Skip to content

On-premise users: click in-app to access the full platform documentation for your version of DataRobot.

Per-Class Bias

Per-Class Bias helps to identify if a model is biased, and if so, how much and who it's biased towards or against. Click Per-Class Bias to view the per-class bias chart.

The Per-Class Bias tab uses the fairness threshold and fairness score of each class to determine if certain classes are experiencing bias in the model's predictive behavior. Any class with a fairness score below the threshold is likely to be experiencing bias. Once these classes have been identified, use the Cross-Class Data Disparity tab to determine where in the training data the model is learning bias.

Per-Class Bias Chart

The Per-Class Bias chart displays individual class values for the selected protected feature on the Y-axis. The class' respective fairness score, calculated using DataRobot's fairness metrics, is displayed on the X-axis. Scores can be viewed as either absolute or relative values.

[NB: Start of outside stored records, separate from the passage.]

Lemma braid_sqr_eq :
  beq n ([:: a; b; b] ++ [:: a; b; b]) ([:: b; b; a] ++ [:: b; b; a]).
Proof.
have lt_in : i < n by apply: ltnW.
have Va : valid_word n [:: a] by rewrite /valid_word /= i_gt0 lt_in.
have Vb : valid_word n [:: b] by rewrite /valid_word /= lt_i1n.
have Vab : valid_word n [:: a; b] by rewrite /valid_word /= i_gt0 lt_in lt_i1n.
have Vba : valid_word n [:: b; a] by rewrite /valid_word /= i_gt0 lt_in lt_i1n.
have Vbab : valid_word n [:: b; a; b] by rewrite /valid_word /= i_gt0 lt_in lt_i1n.
have aba : beq n [:: a; b; a] [:: b; a; b] by apply: beq_braid.
apply: (beq_trans (v := [:: a; b; a; b; a; b])).
  exact: (beq_ctx (a := [:: a; b]) (b := [:: b]) Vab Vb (beq_sym aba)).
apply: (beq_trans (v := [:: b; a; b; b; a; b])).
  exact: (beq_ctx (a := [::]) (b := [:: b; a; b]) isT Vbab aba).
apply: (beq_trans (v := [:: b; a; b; a; b; a])).
  exact: (beq_ctx (a := [:: b; a; b]) (b := [::]) Vbab isT (beq_sym aba)).
exact: (beq_ctx (a := [:: b]) (b := [:: b; a]) Vb Vba aba).
Qed.

End Generators.

Lemma Hsub_sqr_letter n beta i : 0 < i < n -> Hsub n beta [:: (i, true); (i, true)].
Proof.
move=> lim; apply: H_pure; split; first by rewrite /valid_word /= lim.
by move=> x; rewrite /= transpK.
Qed.

Lemma Hsub_letter n beta i : 0 < i < n -> valid_word n beta ->
  perm_of_word beta =1 transp i i.+1 -> Hsub n beta [:: (i, true)].
Proof.
move=> lim Vb Pb.
have Vi : valid_word n [:: (i, true)] by rewrite valid_letter.
have pure_bi : pure n (beta ++ [:: (i, false)]).
  split; first by rewrite valid_cat Vb valid_letter.
  by move=> x; rewrite perm_of_word_cat /= Pb transpK.
apply: H_beq (H_mul (H_inv (H_pure _ pure_bi)) (H_beta _ _)) _.
rewrite winv_cat -catA.
by have := @beq_cancel_middle n _ (winv beta) Vi; rewrite winvK valid_winv; apply.
Qed.

Lemma Hsub_adjacent_transp_not_biorderable n beta i : 0 < i -> i.+1 < n ->
  valid_word n beta -> perm_of_word beta =1 transp i i.+1 ->
  ~ biorderable n (Hsub n beta).
Proof.
move=> i_gt0 lt_i1n Vb Pb ord.
have Ha : Hsub n beta [:: (i, true)] by apply: Hsub_letter; rewrite // i_gt0 ltnW.
have Hbb : Hsub n beta [:: (i.+1, true); (i.+1, true)] by apply: Hsub_sqr_letter.
apply: (@braid_sqr_neq n i).
exact: (biorderable_sqr_inj (@H_mul n beta) ord (H_mul Ha Hbb) (H_mul Hbb Ha)
          (braid_sqr_eq i_gt0 lt_i1n)).
Qed.

Definition conj_perm (w : word) (f : nat -> nat) : nat -> nat :=
  perm_of_word w \o f \o perm_of_word (winv w).

Lemma perm_of_word_conj w beta :
  perm_of_word (w ++ beta ++ winv w) =1 conj_perm w (perm_of_word beta).
Proof. by move=> x; rewrite !perm_of_word_cat. Qed.

Lemma conj_perm_cat v w f : conj_perm (v ++ w) f =1 conj_perm v (conj_perm w f).
Proof. by move=> x; rewrite /conj_perm /= winv_cat !perm_of_word_cat. Qed.

Lemma eq_conj_perm w f g : f =1 g -> conj_perm w f =1 conj_perm w g.
Proof. by move=> fg x; rewrite /conj_perm /= fg. Qed.

Lemma transp_conj a b c d x :
  transp c d (transp a b (transp c d x)) = transp (transp c d a) (transp c d b) x.
Proof.
have tK := transpK c d.
rewrite [transp a b _]/transp [RHS]/transp -!(inv_eq tK).
by do 2![case: eqP => // _]; rewrite tK.
Qed.

Lemma conj_perm_letter c a b :
  conj_perm [:: (c, true)] (transp a b) =1 transp (transp c c.+1 a) (transp c c.+1 b).
Proof. exact: transp_conj. Qed.

Lemma conj_transp1_to_transp12 n b : 1 < b <= n ->
  exists2 w, valid_word n w & conj_perm w (transp 1 b) =1 transp 1 2.
Proof.
elim: b => // b IH /andP[lt_1b le_bn].
have [b_le1 | lt_1b'] := leqP b 1.
  have -> : b = 1 by lia.
  by exists [::].
have [w Vw Ew] := IH (ltac:(lia) : 1 < b <= n).
exists (w ++ [:: (b, true)]); first by rewrite valid_cat Vw valid_letter; lia.
move=> x; rewrite conj_perm_cat -Ew; apply: eq_conj_perm => y.
by rewrite conj_perm_letter; congr transp; rewrite /transp; eq_cases.
Qed.

Lemma conj_transp_to_transp1 n a b : 0 < a < b -> b <= n ->
  exists2 w, valid_word n w & conj_perm w (transp a b) =1 transp 1 b.
Proof.
elim: a => // a IH /andP[_ lt_ab] le_bn.
have [a0 | a_gt0] := posnP a; first by rewrite a0; exists [::].
have [w Vw Ew] := IH (ltac:(lia) : 0 < a < b) le_bn.
exists (w ++ [:: (a, true)]); first by rewrite valid_cat Vw valid_letter; lia.
move=> x; rewrite conj_perm_cat -Ew; apply: eq_conj_perm => y.
by rewrite conj_perm_letter; congr transp; rewrite /transp; eq_cases.
Qed.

The blue bar indicates a class is above the fairness threshold; red indicates a class is below that threshold and is therefore likely to be experiencing model bias. A gray bar indicates that there is not enough data for the class due to one of the following reasons:

  • It contains fewer than 100 rows.
  • It contains between 100 and 1,000 rows, but fewer than 10% of the rows belong to the majority class (the class with the most rows of data).

Hover over a class to see additional details, including both absolute and relative fairness scores, the number of values for the class, and a summary of the fairness test results.

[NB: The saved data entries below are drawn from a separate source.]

From mathcomp Require Import all_boot fingroup morphism quotient commutator center cyclic.
From mathcomp Require Import automorphism.
Import GroupScope.

Set Implicit Arguments.
Unset Strict Implicit.
Unset Printing Implicit Defensive.

(* G / C_G(H) embeds in Aut(H), of order phi(|H|) for H cyclic; with |G| odd
   this index is 1 for |H| = 3 or 15 (phi = 2, 8) and 1 or 3 for |H| = 21.
   Let |G'| = 21 = #[y] and C = C_G(G') of index 3.  For x outside C we have
   G = <x>C, so x^G = x^C = {x[x,c] | c in C}, and c |-> [x,c] is a morphism
   C -> G' whose image contains [x,y], of order 7 since y^7 is central; hence
   |x^G| is 7 or 21, and it is 7 iff every [x,c]^7 = 1.  By the three subgroups
   lemma C' <= Z(G) n G', of order 3, so [xd,c]^7 = [d,c] for d, c in C: when
   |x^G| = 7, the elements of class size 7 are exactly xZ(C) u x^-1 Z(C). *)

Lemma card_quotient_cent_odd (gT : finGroupType) (G H : {group gT}) :
  odd #|G| -> cyclic H -> G \subset 'N(H) ->
  #|G / 'C_G(H)| \in [seq d <- divisors (totient #|H|) | odd d].
Proof.
move=> oddG cycH nHG.
have nCG : G \subset 'N('C_G(H)) by rewrite normsI ?normG ?norms_cent.
have dvd_tot : #|G / 'C_G(H)| %| totient #|H|.
  rewrite -ker_conj_aut (card_isog (first_isog_loc _ _)) //.
  by rewrite -card_Aut_cyclic // cardSg ?Aut_conj_aut.
rewrite mem_filter -dvdn_divisors ?totient_gt0 // dvd_tot andbT.
by rewrite (dvdn_odd _ oddG) // card_quotient // dvdn_indexg.
Qed.

Lemma cents_card_quotient_cent (gT : finGroupType) (G H : {group gT}) :
  G \subset 'N(H) -> (G \subset 'C(H)) = (#|G / 'C_G(H)| == 1%N).
Proof.
move=> nHG; have nCG : G \subset 'N('C_G(H)) by rewrite normsI ?normG ?norms_cent.
by rewrite -trivg_card1 -subG1 quotient_sub1 // subsetI subxx.
Qed.

Lemma odd_cyclic_normal_center (gT : finGroupType) (G H : {group gT}) :
  odd #|G| -> cyclic H -> H <| G ->
  [seq d <- divisors (totient #|H|) | odd d] = [:: 1%N] -> H \subset 'Z(G).
Proof.
move=> oddG cycH /andP[sHG nHG] odd_tot.
have := card_quotient_cent_odd oddG cycH nHG.
by rewrite odd_tot inE -(cents_card_quotient_cent nHG) subsetI sHG centsC.
Qed.

Lemma der1_sub_center (gT : finGroupType) (G H : {group gT}) :
  H \subset G -> H \subset 'C(G^`(1)) -> H^`(1) \subset 'Z(G).
Proof.
move=> sHG cDH; rewrite subsetI (subset_trans (dergS 1 sHG)) ?der_sub //=.
have sHG_der : [~: H, G] \subset G^`(1) by rewrite derg1 commgSS.
have sGH_der : [~: G, H] \subset G^`(1) by rewrite derg1 commgSS.
apply/commG1P; rewrite derg1 (three_subgroup (G := H) (H := G) (K := H)) //.
- by apply/commG1P; rewrite centsC (subset_trans cDH) ?centS.
- by apply/commG1P; rewrite centsC (subset_trans cDH) ?centS.
Qed.

Lemma commg_morph_cent (gT : finGroupType) (x : gT) (C D : {set gT}) :
  abelian D -> C \subset 'C(D) -> {in C, forall c, [~ x, c] \in D} ->
  {in C &, {morph commg x : c d / c * d}}.
Proof.
move=> abD cDC xCD c d Cc Cd /=; rewrite commgMJ.
have /conjg_fixP-> : [~ [~ x, c], d] == 1.
  by apply/commgP/commute_sym/(centsP cDC); rewrite ?xCD.
by apply: (centsP abD); rewrite ?xCD.
Qed.

Section IndexThree.

Variables (gT : finGroupType) (G C : {group gT}).
Hypotheses (nsCG : C <| G) (oGC : #|G / C| = 3).

Lemma index3_expg3 x : x \in G -> x ^+ 3 \in C.
Proof.
move=> Gx; have Nx := subsetP (normal_norm nsCG) x Gx.
apply: coset_idr; first by rewrite groupX.
by rewrite morphX // -oGC expg_cardG // mem_quotient.
Qed.

Lemma index3_cosets x g : x \in G -> x \notin C -> g \in G ->
  [\/ g \in C, x^-1 * g \in C | x * g \in C].
Proof.
move=> Gx notCx Gg; have nCG := normal_norm nsCG.
have [Nx Ng] := (subsetP nCG x Gx, subsetP nCG g Gg).
have ox : #[coset C x] = 3.
  have : #[coset C x] %| 3 by rewrite -oGC order_dvdG ?mem_quotient.
  apply: (prime_nt_dvdP _ _) => //; apply: contra notCx; rewrite order_eq1.
  by move/eqP/coset_idr; apply.
have defQ : <[coset C x]> = G / C.
  by apply/eqP; rewrite eqEcard cycle_subG mem_quotient //= oGC -orderE ox.
have /cycleP[k def_xg] : coset C g \in <[coset C x]> by rewrite defQ mem_quotient.
have Cxkg : x ^- (k %% 3) * g \in C.
  apply: coset_idr; first by rewrite groupM ?groupV ?groupX.
  rewrite morphM ?groupV ?groupX // morphV ?groupX // morphX //.
  by rewrite -ox expg_mod_order -def_xg mulVg.
move: (ltn_mod k 3) Cxkg; case: (k %% 3) => [|[|[|//]]] _ /=.
- by rewrite invg1 mul1g; constructor 1.
- by constructor 2.
- move=> Cx2g; constructor 3.
  have -> : x * g = x ^+ 3 * (x ^- 2 * g) by rewrite expgS -mulgA mulKVg.
  by rewrite groupM ?index3_expg3.
Qed.

Lemma index3_mulg_cent x g : x \in G -> x \notin C -> x^-1 * g \in C -> x * g \notin C.
Proof.
move=> Gx notCx Cxg; apply: contra notCx => Cx'g.
have C_x2 : x ^+ 2 \in C.
  have -> : x ^+ 2 = (x * g) * (x^-1 * g)^-1 by rewrite invMg invgK mulgA mulgK expg2.
  by rewrite groupM ?groupV.
have -> : x = x ^+ 3 * (x ^+ 2)^-1 by rewrite expgS mulgK.
by rewrite groupM ?groupV ?index3_expg3.
Qed.

Lemma index3_class x : x \in G -> x \notin C -> x ^: G = x ^: C.
Proof.
move=> Gx notCx; apply/eqP; rewrite eqEsubset (imsetS _ (normal_sub nsCG)) andbT.
apply/subsetP=> _ /imsetP[g Gg ->].
have xx : x ^ x = x by rewrite conjgE mulKg.
have xx' : x ^ x^-1 = x by rewrite conjgE invgK mulgV mulg1.
have [Cg | Cxg | Cxg] := index3_cosets Gx notCx Gg.
- exact: imset_f.
- by rewrite -(mulKVg x g) conjgM xx imset_f.
- by rewrite -(mulKg x g) conjgM xx' imset_f.
Qed.

Lemma index3_card_class x : x \in G -> x \notin C ->
  #|x ^: G| = #|[set [~ x, c] | c in C]|.
Proof.
move=> Gx notCx; rewrite index3_class // -[RHS](card_imset _ (mulgI x)) -imset_comp.
suff -> : x ^: C = [set x * [~ x, c] | c in C] by [].
by apply: eq_imset => c /=; rewrite conjg_mulR.
Qed.

End IndexThree.

Section DerivedCyclic21.

Variables (gT : finGroupType) (G : {group gT}) (y : gT).
Hypotheses (oddG : odd #|G|) (defD : G^`(1) = <[y]>) (oy : #[y] = 21).
Hypothesis notcentD : ~~ (G^`(1) \subset 'Z(G)).

Local Notation D := G^`(1).
Local Notation C := 'C_G(G^`(1)).

Let cardD : #|D| = 21. Proof. by rewrite defD -orderE. Qed.
Let cycD : cyclic D. Proof. by rewrite defD cycle_cyclic. Qed.
Let Dy : y \in D. Proof. by rewrite defD cycle_id. Qed.

Let sCG : C \subset G := subsetIl _ _.
Let cDC : C \subset 'C(D) := subsetIr _ _.

Let mem_commg_der a b : a \in G -> b \in G -> [~ a, b] \in D.
Proof. by move=> Ga Gb; rewrite derg1 mem_commg. Qed.

Lemma normal_cent_der : C <| G.
Proof. by have := subcent_normal G D; rewrite (setIidPl (der_norm 1 G)). Qed.

Lemma index_cent_der : #|G / C| = 3.
Proof.
have := card_quotient_cent_odd oddG cycD (der_norm 1 G).
rewrite cardD (_ : [seq _ <- _ | _] = [:: 1%N; 3]) // !inE => /orP[/eqP idx1 | /eqP //].
case/negP: notcentD; move/eqP: idx1; rewrite -(cents_card_quotient_cent (der_norm 1 G)).
by rewrite subsetI der_sub centsC.
Qed.

Lemma expg7_der_center : y ^+ 7 \in 'Z(G).
Proof.
have sYD : <[y ^+ 7]> \subset D by rewrite defD cycleX.
have nsYG : <[y ^+ 7]> <| G.
  by apply: char_normal_trans (der_normal 1 G); rewrite sub_cyclic_char.
rewrite -cycle_subG odd_cyclic_normal_center ?cycle_cyclic //.
by rewrite -orderE orderXdiv oy.
Qed.

Lemma card_der_center : #|D :&: 'Z(G)| = 3.
Proof.
have : #|D :&: 'Z(G)| \in [:: 3].
  change (#|D :&: 'Z(G)| \in [seq d <- divisors 21 | (3 %| d) && (d != 21)]).
  rewrite mem_filter -dvdn_divisors // -cardD cardSg ?subsetIl // andbT.
  have -> : 3 = #|<[y ^+ 7]>| by rewrite -orderE orderXdiv oy.
  rewrite cardSg /=; last by rewrite subsetI defD cycleX cycle_subG expg7_der_center.
  apply: contraNneq notcentD => oDZ; apply/setIidPl/eqP.
  by rewrite eqEcard subsetIl oDZ /=.
by rewrite inE => /eqP.
Qed.

Lemma commg_cent_der_expg3 c d : c \in C -> d \in C -> [~ c, d] ^+ 3 = 1.
Proof.
move=> Cc Cd; have [Gc Gd] := (subsetP sCG c Cc, subsetP sCG d Cd).
rewrite -card_der_center expg_cardG // inE mem_commg_der //=.
by rewrite (subsetP (der1_sub_center sCG cDC)) // derg1 mem_commg.
Qed.

Let abD : abelian D := cyclic_abelian cycD.
Let nsCG : C <| G := normal_cent_der.
Let oGC : #|G / C| = 3 := index_cent_der.

Lemma commg_cent_der_morph x : x \in G -> {in C &, {morph commg x : c d / c * d}}.
Proof.
move=> Gx; apply: (commg_morph_cent abD cDC) => c Cc.
by apply: mem_commg_der; rewrite // (subsetP sCG).
Qed.

Definition commg_cent_der x (Gx : x \in G) : {morphism C >-> gT} :=
  Morphism (commg_cent_der_morph Gx).

Lemma card_class_morphim x (Gx : x \in G) : x \notin C ->
  #|x ^: G| = #|commg_cent_der Gx @* C|.
Proof. by move=> notCx; rewrite morphimEdom (index3_card_class nsCG oGC). Qed.

Lemma commg_cent_der_sub x (Gx : x \in G) : commg_cent_der Gx @* C \subset D.
Proof.
rewrite morphimEdom; apply/subsetP=> _ /imsetP[c Cc ->].
by apply: mem_commg_der; rewrite // (subsetP sCG).
Qed.

Lemma card_morphim_commg_cent_der x (Gx : x \in G) : x \notin C ->
  #|commg_cent_der Gx @* C| \in [:: 7; 21].
Proof.
move=> notCx; set f := commg_cent_der Gx.
have Cy : y \in C by rewrite inE (subsetP (der_sub 1 G)) //= defD cent_cycle cent1id.
have oxy : #[[~ x, y]] = 7.
  apply/(prime_nt_dvdP _ _) => //.
    rewrite order_eq1; apply: contra notCx => /commgP cxy.
    by rewrite inE Gx defD cent_cycle; apply/cent1P.
  rewrite order_dvdn -[[~ x, y]]/(f y) -morphX //=; apply/commgP.
  by case/centerP: expg7_der_center => _ /(_ x Gx)/commute_sym.
change (#|f @* C| \in [seq d <- divisors 21 | 7 %| d]).
rewrite mem_filter -dvdn_divisors // -cardD cardSg ?commg_cent_der_sub // andbT.
by rewrite -oxy order_dvdG //; exact: (mem_morphim f Cy Cy).
Qed.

Use the information in this chart to identify if there is bias in the outcomes between protected classes. Then, from the Cross-Class Data Disparity tab, evaluate which features are having the largest impact on this bias.

Control the chart display

This chart provides several controls that modify the display, allowing you to focus on information of particular interest.

Prediction threshold

The prediction threshold—as seen in the ROC Curve tab tools —is the dividing line for interpreting results in binary classification models. The default threshold is 0.5, and every prediction above this dividing line has the positive class label.

For imbalanced datasets, a threshold of 0.5 can result in a validation partition without any positive class predictions, preventing the calculation of fairness scores on the Per-Class Bias tab. To recalculate and surface fairness scores, modify the prediction threshold to resolve the dataset imbalance.

All fairness metrics (except prediction balance) use the model's prediction threshold when calculating fairness scores. Changing this value recalculates the fairness scores and updates the chart to display the new values.

Fairness metric

Use the Metric dropdown menu to change which fairness metric DataRobot uses to calculate the fairness score displayed on the X-axis.

Show absolute values

Select Show absolute values to display the raw score each class received for the selected fairness metric.

Show relative values

Select Show relative values to scale the class with the highest fairness score to 1, and scale all other class fairness scores relative to 1.

In this view, the fairness threshold is visible on the chart because DataRobot uses relative fairness scores to check against the fairness threshold.

Protected feature

All protected features configured during project setup are listed on the left. Select a different protected feature to display its individual class values and fairness scores.

Updated September 14, 2021